» What needs to be done:
Copy out the lines of the records below, and only those lines, from the one with "Section PartialDerivatives." through the one with "Proof. exact: derivable_pt_lim_const. Qed.", exactly as they appear.
+++ Material for the task
Lemma cube_gauge_cover N B (delta : pt N -> R) : (forall t, 0 < delta t) ->
  ~ ~ exists l : list (pt N), forall x, (forall i, Rabs (x i) <= B) ->
    exists t, List.In t l /\ forall i, Rabs (x i - t i) < delta t.
Proof.
move=> delta0 nocover.
apply: (Compactness.compactness_list N (constT N (- B)) (constT N B)
          (fun p => mkposreal _ (delta0 (ofT N p)))) => [[l cover]].
apply: nocover; exists (List.map (ofT N) l) => x xB.
have [|t [tl [_ xt]]] := cover (toT N x).
  by apply: bounded_toT => i; apply/Rabs_le_between.
by exists (ofT N t); split; [exact: List.in_map | exact: close_toT].
Qed.

Lemma box_outside_closure {N} (S : pt N -> Prop) t : (0 < N)%nat -> ~ closure S t ->
  exists d, 0 < d /\ forall y, closure S y -> ~ (forall i, Rabs (y i - t i) < d).
Proof.
move=> N0 tS; have N0' : 0 < INR N by apply: lt_0_INR; apply/ltP.
have [r [r0 far]] : exists r, 0 < r /\ forall s, S s -> r <= edist t s.
  apply: NNPP => nofar; apply: tS => r r0; apply: NNPP => nonear; apply: nofar.
  by exists r; split => // s Ss; apply: Rnot_lt_le => ts; apply: nonear; exists s.
have d0 : 0 < r / 2 / INR N by apply: Rdiv_lt_0_compat; lra.
exists (r / 2 / INR N); split => // y Sy yt.
have [s [Ss ys]] := Sy _ d0; apply: (Rlt_not_le _ _ _ (far s Ss)).
apply: edist_lt_coords => // i.
have := yt i; have := coord_le_edist y s i.
move=> /Rabs_le_between ysi /Rabs_lt_between yti; apply/Rabs_lt_between.
have -> : r / INR N = r / 2 / INR N + r / 2 / INR N by field; lra.
lra.
Qed.

Lemma box_above {N} (S : pt N -> Prop) (f : pt N -> R) t a : (0 < N)%nat ->
  cont_on (closure S) f -> closure S t -> a < f t ->
  exists d, 0 < d /\ forall y, closure S y -> (forall i, Rabs (y i - t i) < d) -> a < f y.
Proof.
move=> N0 fc St at_; have N0' : 0 < INR N by apply: lt_0_INR; apply/ltP.
have [e [e0 fe]] := fc t St (f t - a) ltac:(lra).
exists (e / INR N); split; first exact: Rdiv_lt_0_compat.
move=> y Sy yt.
have ty : edist t y < e by apply: edist_lt_coords => // i; rewrite Rabs_minus_sym.
by have /Rabs_lt_between := fe y Sy ty; lra.
Qed.

Lemma list_argmin {N} (P : pt N -> Prop) (f : pt N -> R) x0 (l : list (pt N)) :
  P x0 -> exists z, P z /\ forall p, List.In p l -> P p -> f z <= f p.
Proof.
move=> Px0; elim: l => [|p l [z [Pz zmin]]]; first by exists x0.
case: (classic (P p)) => [Pp|nPp]; last first.
  by exists z; split => // q [<-|ql] Pq; [|exact: zmin].
case: (Rle_dec (f z) (f p)) => zp.
- by exists z; split => // q [<-|ql] Pq; [|exact: zmin].
- exists p; split => // q [<-|ql] Pq; first lra.
  by have := zmin q ql Pq; lra.
Qed.

(* By contradiction: every point t
   gets a box gauge, either excluding the closure or on which f exceeds the
   value f (w t) at some better point w t; a finite subcover then contradicts
   the minimality of the best of the finitely many points w t. *)
Lemma attain_min {N} (S : pt N -> Prop) (f : pt N -> R) B : (0 < N)%nat ->
  (forall x, S x -> forall i, Rabs (x i) <= B) -> (exists x, S x) ->
  cont_on (closure S) f ->
  exists y, closure S y /\ forall z, closure S z -> f y <= f z.
Proof.
move=> N0 SB [x0 Sx0] fc; apply: NNPP => nomin.
pose box (y t : pt N) d := forall i, Rabs (y i - t i) < d.
have gauge : forall t, exists dw : R * pt N, 0 < dw.1 /\
    (closure S t -> closure S dw.2 /\ forall y, closure S y -> box y t dw.1 -> f dw.2 < f y) /\
    (~ closure S t -> forall y, closure S y -> ~ box y t dw.1).
  move=> t; case: (classic (closure S t)) => St.
  - have [w [Sw wt]] : exists w, closure S w /\ f w < f t.
      apply: NNPP => nobetter; apply: nomin; exists t; split => // z Sz.
      by apply: Rnot_lt_le => zt; apply: nobetter; exists z.
    have [d [d0 fd]] := box_above S f t (f w) N0 fc St wt.
    by exists (d, w).
  - have [d [d0 far]] := box_outside_closure S t N0 St.
    by exists (d, x0).
have [dw gaugeP] := choice _ gauge.
apply: (cube_gauge_cover N B (fun t => (dw t).1)) => [t|[l cover]]; first by case: (gaugeP t).
have [z [Sz zmin]] := list_argmin (closure S) f x0 (List.map (fun t => (dw t).2) l)
  (sub_closure S x0 Sx0).
have [t [tl zt]] := cover z (fun i => closure_coord_abs S i z B (fun y Sy => SB y Sy i) Sz).
have [_ [inside outside]] := gaugeP t.
case: (classic (closure S t)) => St; last exact: outside St z Sz zt.
have [Sw wbetter] := inside St.
have := zmin _ (List.in_map (fun t => (dw t).2) l t tl) Sw.
by have := wbetter z Sz zt; lra.
Qed.

Section Continuity.
Context {N : nat} {K : pt N -> Prop}.

Lemma cont_sub (K' : pt N -> Prop) f : cont_on K f -> (forall x, K' x -> K x) -> cont_on K' f.
Proof.
move=> fc K'K x /K'K Kx eps eps0; have [d [d0 fd]] := fc x Kx eps eps0.
by exists d; split => // y /K'K; exact: fd.
Qed.

Lemma cont_coord j : cont_on K (fun y => y j).
Proof.
move=> x _ eps eps0; exists eps; split => // y _ xy.
by rewrite Rabs_minus_sym; apply: Rle_lt_trans (coord_le_edist x y j) xy.
Qed.

Lemma cont_plus f g : cont_on K f -> cont_on K g -> cont_on K (fun y => f y + g y).
Proof.
move=> fc gc x Kx eps eps0.
have [d1 [d10 fd]] := fc x Kx (eps / 2) ltac:(lra).
have [d2 [d20 gd]] := gc x Kx (eps / 2) ltac:(lra).
exists (Rmin d1 d2); split; first exact: Rmin_pos.
move=> y Ky /Rmin_Rgt [xy1 xy2].
have /Rabs_lt_between := fd y Ky xy1; have /Rabs_lt_between := gd y Ky xy2.
by move=> ? ?; apply/Rabs_lt_between; lra.
Qed.

Lemma cont_comp f (g : R -> R) : cont_on K f -> continuity g -> cont_on K (fun y => g (f y)).
Proof.
move=> fc gc x Kx eps eps0.
have [a [a0 ga]] := gc (f x) eps eps0.
have [d [d0 fd]] := fc x Kx a a0.
exists d; split => // y Ky xy.
case: (Req_dec (f y) (f x)) => [->|fyx]; first by rewrite Rminus_diag Rabs_R0.
by apply: (ga (f y)); split; [split => // /esym | exact: fd].
Qed.

(* Products, by polarisation: f g = ((f + g)^2 - (f - g)^2) / 4. *)
Lemma cont_mult f g : cont_on K f -> cont_on K g -> cont_on K (fun y => f y * g y).
Proof.
move=> fc gc.
have -> : (fun y => f y * g y) =
    (fun y => / 4 * (Rsqr (f y + g y) + - Rsqr (f y + - g y))).
  by apply: functional_extensionality => y; rewrite /Rsqr; field.
have Rsqr_cont : continuity Rsqr by move=> x; apply: derivable_continuous_pt; reg.
have Ropp_cont : continuity Ropp by move=> x; apply: derivable_continuous_pt; reg.
apply: (cont_comp _ (Rmult (/ 4))); last by move=> x; apply: derivable_continuous_pt; reg.
apply: cont_plus; first by apply: (cont_comp _ _ _ Rsqr_cont); exact: cont_plus.
apply: (cont_comp _ _ _ Ropp_cont); apply: (cont_comp _ _ _ Rsqr_cont).
by apply: cont_plus => //; exact: (cont_comp _ _ _ Ropp_cont).
Qed.

End Continuity.

Lemma continuity_of_derivative (g g' : R -> R) :
  (forall t, derivable_pt_lim g t (g' t)) -> continuity g.
Proof. by move=> dg t; apply: derivable_continuous_pt; exists (g' t); exact: dg. Qed.

Section PartialDerivatives.
Context {N : nat}.
Implicit Types (f g : pt N -> R) (x : pt N).

Lemma is_partial_eq f i x l l' : l = l' -> is_partial f i x l -> is_partial f i x l'.
Proof. by move=> ->. Qed.

Lemma partial_const (a : R) i x : is_partial (fun _ => a) i x 0.
Proof. exact: derivable_pt_lim_const. Qed.

Lemma partial_plus f g i x a b : is_partial f i x a -> is_partial g i x b ->
  is_partial (fun y => f y + g y) i x (a + b).
Proof. exact: derivable_pt_lim_plus. Qed.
++++++
» Task output:
Section PartialDerivatives.
Context {N : nat}.
Implicit Types (f g : pt N -> R) (x : pt N).

Lemma is_partial_eq f i x l l' : l = l' -> is_partial f i x l -> is_partial f i x l'.
Proof. by move=> ->. Qed.

Lemma partial_const (a : R) i x : is_partial (fun _ => a) i x 0.
Proof. exact: derivable_pt_lim_const. Qed.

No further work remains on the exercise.